PROBLEM DETAILS: Output the opening lines of the records exactly. End with the line that contains "Lemma orth_sub S".

STORED DATA:
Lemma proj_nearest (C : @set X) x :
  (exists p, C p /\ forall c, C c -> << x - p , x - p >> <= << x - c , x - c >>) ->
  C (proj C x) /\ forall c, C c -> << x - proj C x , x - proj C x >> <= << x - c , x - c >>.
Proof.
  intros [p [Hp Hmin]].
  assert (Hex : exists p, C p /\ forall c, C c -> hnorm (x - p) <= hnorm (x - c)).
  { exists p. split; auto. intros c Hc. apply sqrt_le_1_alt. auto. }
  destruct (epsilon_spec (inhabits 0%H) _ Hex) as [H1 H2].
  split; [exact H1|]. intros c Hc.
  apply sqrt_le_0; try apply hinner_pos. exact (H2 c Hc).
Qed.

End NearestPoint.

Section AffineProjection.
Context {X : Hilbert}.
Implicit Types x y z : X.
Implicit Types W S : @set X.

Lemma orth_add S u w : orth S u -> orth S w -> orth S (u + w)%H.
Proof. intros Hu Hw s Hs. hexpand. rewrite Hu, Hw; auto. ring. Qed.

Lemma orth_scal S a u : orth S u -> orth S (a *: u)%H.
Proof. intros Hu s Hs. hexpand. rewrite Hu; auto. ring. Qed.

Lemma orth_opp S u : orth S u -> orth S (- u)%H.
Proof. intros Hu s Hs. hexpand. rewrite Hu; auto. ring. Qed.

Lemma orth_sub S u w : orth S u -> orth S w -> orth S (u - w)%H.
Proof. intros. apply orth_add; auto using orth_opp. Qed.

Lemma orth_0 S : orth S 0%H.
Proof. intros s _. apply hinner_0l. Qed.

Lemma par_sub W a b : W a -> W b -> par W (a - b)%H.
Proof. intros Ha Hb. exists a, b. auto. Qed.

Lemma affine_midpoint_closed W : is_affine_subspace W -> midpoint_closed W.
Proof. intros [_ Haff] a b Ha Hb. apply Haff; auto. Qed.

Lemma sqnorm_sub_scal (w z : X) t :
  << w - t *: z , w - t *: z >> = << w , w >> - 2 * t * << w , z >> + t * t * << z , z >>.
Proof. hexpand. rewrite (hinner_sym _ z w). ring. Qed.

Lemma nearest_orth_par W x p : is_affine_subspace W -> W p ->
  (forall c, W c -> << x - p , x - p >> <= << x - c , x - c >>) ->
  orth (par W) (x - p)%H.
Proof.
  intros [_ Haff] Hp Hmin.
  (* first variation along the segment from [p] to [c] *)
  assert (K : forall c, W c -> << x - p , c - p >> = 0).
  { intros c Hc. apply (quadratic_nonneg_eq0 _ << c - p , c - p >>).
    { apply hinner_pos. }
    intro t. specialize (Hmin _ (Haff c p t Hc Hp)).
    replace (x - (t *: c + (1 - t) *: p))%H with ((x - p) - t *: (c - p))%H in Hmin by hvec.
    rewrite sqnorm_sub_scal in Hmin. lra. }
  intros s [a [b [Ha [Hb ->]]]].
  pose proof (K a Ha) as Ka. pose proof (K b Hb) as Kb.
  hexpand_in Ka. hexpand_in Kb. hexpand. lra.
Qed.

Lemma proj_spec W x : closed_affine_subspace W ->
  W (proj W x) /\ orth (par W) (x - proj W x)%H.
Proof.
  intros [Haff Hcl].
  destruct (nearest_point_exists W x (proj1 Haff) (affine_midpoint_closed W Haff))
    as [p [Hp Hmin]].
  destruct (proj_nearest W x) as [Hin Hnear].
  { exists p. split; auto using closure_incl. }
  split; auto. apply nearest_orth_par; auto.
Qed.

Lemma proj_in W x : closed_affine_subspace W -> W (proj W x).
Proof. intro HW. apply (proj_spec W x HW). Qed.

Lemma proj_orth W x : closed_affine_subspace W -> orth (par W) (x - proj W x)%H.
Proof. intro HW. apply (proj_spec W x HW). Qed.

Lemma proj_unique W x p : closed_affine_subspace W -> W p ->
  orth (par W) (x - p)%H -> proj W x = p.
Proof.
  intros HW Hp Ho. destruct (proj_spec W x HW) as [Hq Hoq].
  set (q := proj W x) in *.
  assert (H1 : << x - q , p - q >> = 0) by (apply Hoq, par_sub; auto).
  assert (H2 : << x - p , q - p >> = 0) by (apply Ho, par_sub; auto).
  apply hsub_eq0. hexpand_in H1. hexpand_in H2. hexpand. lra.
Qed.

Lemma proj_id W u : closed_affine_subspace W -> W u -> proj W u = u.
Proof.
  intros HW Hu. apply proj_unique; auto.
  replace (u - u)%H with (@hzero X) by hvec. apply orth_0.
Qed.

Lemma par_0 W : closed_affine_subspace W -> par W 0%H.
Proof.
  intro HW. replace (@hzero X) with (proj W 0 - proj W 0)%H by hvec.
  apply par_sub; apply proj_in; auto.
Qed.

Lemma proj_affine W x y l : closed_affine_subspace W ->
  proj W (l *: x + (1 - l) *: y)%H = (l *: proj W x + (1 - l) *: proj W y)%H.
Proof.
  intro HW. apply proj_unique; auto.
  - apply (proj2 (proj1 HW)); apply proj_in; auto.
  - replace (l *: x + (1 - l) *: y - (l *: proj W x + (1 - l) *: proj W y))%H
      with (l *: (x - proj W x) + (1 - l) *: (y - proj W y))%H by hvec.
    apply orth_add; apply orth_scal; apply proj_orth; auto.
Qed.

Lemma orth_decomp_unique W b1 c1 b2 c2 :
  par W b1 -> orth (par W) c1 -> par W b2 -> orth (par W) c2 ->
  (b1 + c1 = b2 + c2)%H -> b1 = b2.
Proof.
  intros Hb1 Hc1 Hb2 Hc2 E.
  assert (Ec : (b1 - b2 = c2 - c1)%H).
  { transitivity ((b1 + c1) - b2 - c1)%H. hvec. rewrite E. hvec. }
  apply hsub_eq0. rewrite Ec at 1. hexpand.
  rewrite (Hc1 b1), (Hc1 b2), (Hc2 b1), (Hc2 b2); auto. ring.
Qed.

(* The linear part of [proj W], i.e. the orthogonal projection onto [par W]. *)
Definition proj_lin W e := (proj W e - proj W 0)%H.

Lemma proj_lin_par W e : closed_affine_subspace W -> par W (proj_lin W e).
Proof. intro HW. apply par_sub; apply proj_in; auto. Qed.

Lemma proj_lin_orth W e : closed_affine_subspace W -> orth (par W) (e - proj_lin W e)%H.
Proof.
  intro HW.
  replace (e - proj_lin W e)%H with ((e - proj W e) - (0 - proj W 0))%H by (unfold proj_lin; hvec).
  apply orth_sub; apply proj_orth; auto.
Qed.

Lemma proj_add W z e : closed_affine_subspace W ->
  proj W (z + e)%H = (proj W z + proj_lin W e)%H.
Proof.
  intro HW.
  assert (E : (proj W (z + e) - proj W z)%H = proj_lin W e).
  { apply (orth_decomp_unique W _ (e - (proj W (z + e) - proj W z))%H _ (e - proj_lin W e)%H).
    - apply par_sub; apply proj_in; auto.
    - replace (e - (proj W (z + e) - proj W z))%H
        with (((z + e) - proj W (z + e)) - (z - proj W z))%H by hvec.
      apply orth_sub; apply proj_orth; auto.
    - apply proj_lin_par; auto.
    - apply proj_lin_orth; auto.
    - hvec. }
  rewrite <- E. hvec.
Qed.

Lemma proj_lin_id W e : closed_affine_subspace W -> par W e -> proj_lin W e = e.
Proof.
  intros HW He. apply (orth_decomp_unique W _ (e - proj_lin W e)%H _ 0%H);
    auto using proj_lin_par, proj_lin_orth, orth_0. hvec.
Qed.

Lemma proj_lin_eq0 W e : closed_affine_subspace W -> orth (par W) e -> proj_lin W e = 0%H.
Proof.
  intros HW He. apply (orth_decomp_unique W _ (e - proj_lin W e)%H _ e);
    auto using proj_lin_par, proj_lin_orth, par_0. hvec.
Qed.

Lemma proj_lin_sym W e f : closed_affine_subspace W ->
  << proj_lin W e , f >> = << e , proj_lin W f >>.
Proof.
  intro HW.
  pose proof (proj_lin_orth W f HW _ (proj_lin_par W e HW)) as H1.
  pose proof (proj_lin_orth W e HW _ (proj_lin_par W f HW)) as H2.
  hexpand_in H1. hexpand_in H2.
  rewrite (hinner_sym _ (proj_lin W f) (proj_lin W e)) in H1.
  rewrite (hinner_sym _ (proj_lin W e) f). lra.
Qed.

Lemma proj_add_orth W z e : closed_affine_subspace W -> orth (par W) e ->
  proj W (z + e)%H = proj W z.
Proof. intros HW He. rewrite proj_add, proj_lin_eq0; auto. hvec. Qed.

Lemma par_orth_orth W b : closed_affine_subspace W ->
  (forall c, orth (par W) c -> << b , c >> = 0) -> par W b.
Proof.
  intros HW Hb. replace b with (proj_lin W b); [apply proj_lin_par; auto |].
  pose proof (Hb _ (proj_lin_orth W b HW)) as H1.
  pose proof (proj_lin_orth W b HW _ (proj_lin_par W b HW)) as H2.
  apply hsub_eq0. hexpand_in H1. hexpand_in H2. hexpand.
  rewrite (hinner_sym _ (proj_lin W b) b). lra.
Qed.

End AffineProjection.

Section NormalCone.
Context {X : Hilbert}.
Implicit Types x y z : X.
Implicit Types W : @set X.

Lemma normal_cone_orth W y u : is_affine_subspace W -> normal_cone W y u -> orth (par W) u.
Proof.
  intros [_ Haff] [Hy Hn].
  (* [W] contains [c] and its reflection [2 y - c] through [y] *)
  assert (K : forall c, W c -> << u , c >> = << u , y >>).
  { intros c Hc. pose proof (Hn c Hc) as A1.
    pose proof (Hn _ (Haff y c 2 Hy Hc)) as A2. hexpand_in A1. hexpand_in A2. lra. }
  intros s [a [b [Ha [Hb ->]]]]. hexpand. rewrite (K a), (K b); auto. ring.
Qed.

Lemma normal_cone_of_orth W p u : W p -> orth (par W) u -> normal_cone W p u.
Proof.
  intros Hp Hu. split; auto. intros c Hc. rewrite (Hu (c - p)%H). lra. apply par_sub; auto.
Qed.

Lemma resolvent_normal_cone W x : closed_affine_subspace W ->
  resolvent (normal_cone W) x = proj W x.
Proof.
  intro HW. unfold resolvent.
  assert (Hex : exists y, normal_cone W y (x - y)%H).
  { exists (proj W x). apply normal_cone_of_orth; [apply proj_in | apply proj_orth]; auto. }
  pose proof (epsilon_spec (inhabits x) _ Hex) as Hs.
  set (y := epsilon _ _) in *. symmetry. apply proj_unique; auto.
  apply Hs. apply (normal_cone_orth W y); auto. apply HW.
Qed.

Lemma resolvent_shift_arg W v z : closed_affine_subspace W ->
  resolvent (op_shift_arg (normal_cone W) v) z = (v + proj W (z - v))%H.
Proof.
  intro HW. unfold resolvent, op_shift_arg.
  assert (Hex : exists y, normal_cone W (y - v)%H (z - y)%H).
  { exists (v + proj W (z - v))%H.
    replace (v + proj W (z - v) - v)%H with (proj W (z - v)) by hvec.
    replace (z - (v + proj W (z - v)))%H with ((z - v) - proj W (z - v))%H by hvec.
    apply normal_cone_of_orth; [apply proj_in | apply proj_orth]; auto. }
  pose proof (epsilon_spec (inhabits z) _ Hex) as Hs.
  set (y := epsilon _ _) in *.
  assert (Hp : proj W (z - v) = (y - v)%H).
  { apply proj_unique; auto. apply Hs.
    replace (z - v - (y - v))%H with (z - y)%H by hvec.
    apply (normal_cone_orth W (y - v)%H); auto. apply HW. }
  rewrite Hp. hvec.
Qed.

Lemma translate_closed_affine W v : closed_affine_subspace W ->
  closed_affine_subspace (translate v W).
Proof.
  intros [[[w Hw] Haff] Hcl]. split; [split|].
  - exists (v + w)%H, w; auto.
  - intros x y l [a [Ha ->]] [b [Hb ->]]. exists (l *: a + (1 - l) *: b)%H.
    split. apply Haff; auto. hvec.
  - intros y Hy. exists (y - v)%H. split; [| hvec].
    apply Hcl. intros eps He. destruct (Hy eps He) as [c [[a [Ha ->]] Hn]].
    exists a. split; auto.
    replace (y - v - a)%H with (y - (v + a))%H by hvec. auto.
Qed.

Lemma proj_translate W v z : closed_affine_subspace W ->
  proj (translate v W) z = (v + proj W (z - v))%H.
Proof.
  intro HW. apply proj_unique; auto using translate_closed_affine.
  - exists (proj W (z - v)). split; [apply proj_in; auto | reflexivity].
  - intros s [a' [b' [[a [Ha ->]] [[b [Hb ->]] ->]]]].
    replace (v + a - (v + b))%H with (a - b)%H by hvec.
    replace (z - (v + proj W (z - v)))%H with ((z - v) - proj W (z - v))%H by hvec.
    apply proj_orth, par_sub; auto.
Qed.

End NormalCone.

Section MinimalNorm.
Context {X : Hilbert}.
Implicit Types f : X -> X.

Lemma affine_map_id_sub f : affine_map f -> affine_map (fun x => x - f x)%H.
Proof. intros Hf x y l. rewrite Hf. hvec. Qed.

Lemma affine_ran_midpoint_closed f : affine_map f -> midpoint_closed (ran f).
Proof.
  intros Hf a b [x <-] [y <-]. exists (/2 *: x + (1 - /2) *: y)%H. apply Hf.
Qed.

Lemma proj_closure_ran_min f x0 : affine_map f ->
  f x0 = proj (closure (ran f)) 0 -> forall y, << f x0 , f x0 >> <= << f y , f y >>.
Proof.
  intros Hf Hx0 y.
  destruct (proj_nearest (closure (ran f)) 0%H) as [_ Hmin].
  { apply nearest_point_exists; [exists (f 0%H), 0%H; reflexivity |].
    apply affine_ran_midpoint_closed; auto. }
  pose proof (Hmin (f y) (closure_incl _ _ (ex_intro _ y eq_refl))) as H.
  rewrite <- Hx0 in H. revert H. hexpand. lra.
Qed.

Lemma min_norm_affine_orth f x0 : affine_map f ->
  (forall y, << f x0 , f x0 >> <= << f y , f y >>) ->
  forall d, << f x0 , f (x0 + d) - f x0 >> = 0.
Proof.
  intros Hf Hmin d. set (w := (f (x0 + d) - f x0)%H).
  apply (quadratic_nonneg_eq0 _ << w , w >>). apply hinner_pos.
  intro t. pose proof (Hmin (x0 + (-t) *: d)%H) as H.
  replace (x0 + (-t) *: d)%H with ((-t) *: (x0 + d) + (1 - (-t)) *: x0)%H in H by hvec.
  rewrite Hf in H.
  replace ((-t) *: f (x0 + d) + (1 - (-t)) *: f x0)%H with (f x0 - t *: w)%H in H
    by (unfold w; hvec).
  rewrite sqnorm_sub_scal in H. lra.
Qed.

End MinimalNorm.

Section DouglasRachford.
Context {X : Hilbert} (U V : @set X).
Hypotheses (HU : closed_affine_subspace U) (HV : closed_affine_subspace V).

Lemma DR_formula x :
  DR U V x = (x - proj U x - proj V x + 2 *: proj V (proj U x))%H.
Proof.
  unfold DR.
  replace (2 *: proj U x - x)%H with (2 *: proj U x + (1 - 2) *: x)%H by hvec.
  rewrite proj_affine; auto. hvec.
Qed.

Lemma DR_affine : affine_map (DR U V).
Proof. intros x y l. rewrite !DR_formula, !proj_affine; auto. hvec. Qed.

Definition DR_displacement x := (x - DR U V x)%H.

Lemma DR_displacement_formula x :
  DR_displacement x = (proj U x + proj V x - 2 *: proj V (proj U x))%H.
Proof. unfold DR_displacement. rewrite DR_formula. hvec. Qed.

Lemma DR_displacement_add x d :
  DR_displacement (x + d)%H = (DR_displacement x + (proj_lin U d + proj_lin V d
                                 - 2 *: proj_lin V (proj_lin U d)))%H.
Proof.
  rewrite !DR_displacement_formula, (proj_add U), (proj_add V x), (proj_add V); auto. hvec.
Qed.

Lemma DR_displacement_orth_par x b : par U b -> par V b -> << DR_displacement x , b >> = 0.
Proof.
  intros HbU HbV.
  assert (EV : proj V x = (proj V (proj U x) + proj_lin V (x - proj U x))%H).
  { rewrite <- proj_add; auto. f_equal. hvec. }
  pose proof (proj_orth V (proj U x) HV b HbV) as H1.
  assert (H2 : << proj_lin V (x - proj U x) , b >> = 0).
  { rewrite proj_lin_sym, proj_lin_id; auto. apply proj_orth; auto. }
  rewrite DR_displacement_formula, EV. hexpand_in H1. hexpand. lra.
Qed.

ANSWER TO THE EXERCISE:
Lemma proj_nearest (C : @set X) x :
  (exists p, C p /\ forall c, C c -> << x - p , x - p >> <= << x - c , x - c >>) ->
  C (proj C x) /\ forall c, C c -> << x - proj C x , x - proj C x >> <= << x - c , x - c >>.
Proof.
  intros [p [Hp Hmin]].
  assert (Hex : exists p, C p /\ forall c, C c -> hnorm (x - p) <= hnorm (x - c)).
  { exists p. split; auto. intros c Hc. apply sqrt_le_1_alt. auto. }
  destruct (epsilon_spec (inhabits 0%H) _ Hex) as [H1 H2].
  split; [exact H1|]. intros c Hc.
  apply sqrt_le_0; try apply hinner_pos. exact (H2 c Hc).
Qed.

End NearestPoint.

Section AffineProjection.
Context {X : Hilbert}.
Implicit Types x y z : X.
Implicit Types W S : @set X.

Lemma orth_add S u w : orth S u -> orth S w -> orth S (u + w)%H.
Proof. intros Hu Hw s Hs. hexpand. rewrite Hu, Hw; auto. ring. Qed.

Lemma orth_scal S a u : orth S u -> orth S (a *: u)%H.
Proof. intros Hu s Hs. hexpand. rewrite Hu; auto. ring. Qed.

Lemma orth_opp S u : orth S u -> orth S (- u)%H.
Proof. intros Hu s Hs. hexpand. rewrite Hu; auto. ring. Qed.

Lemma orth_sub S u w : orth S u -> orth S w -> orth S (u - w)%H.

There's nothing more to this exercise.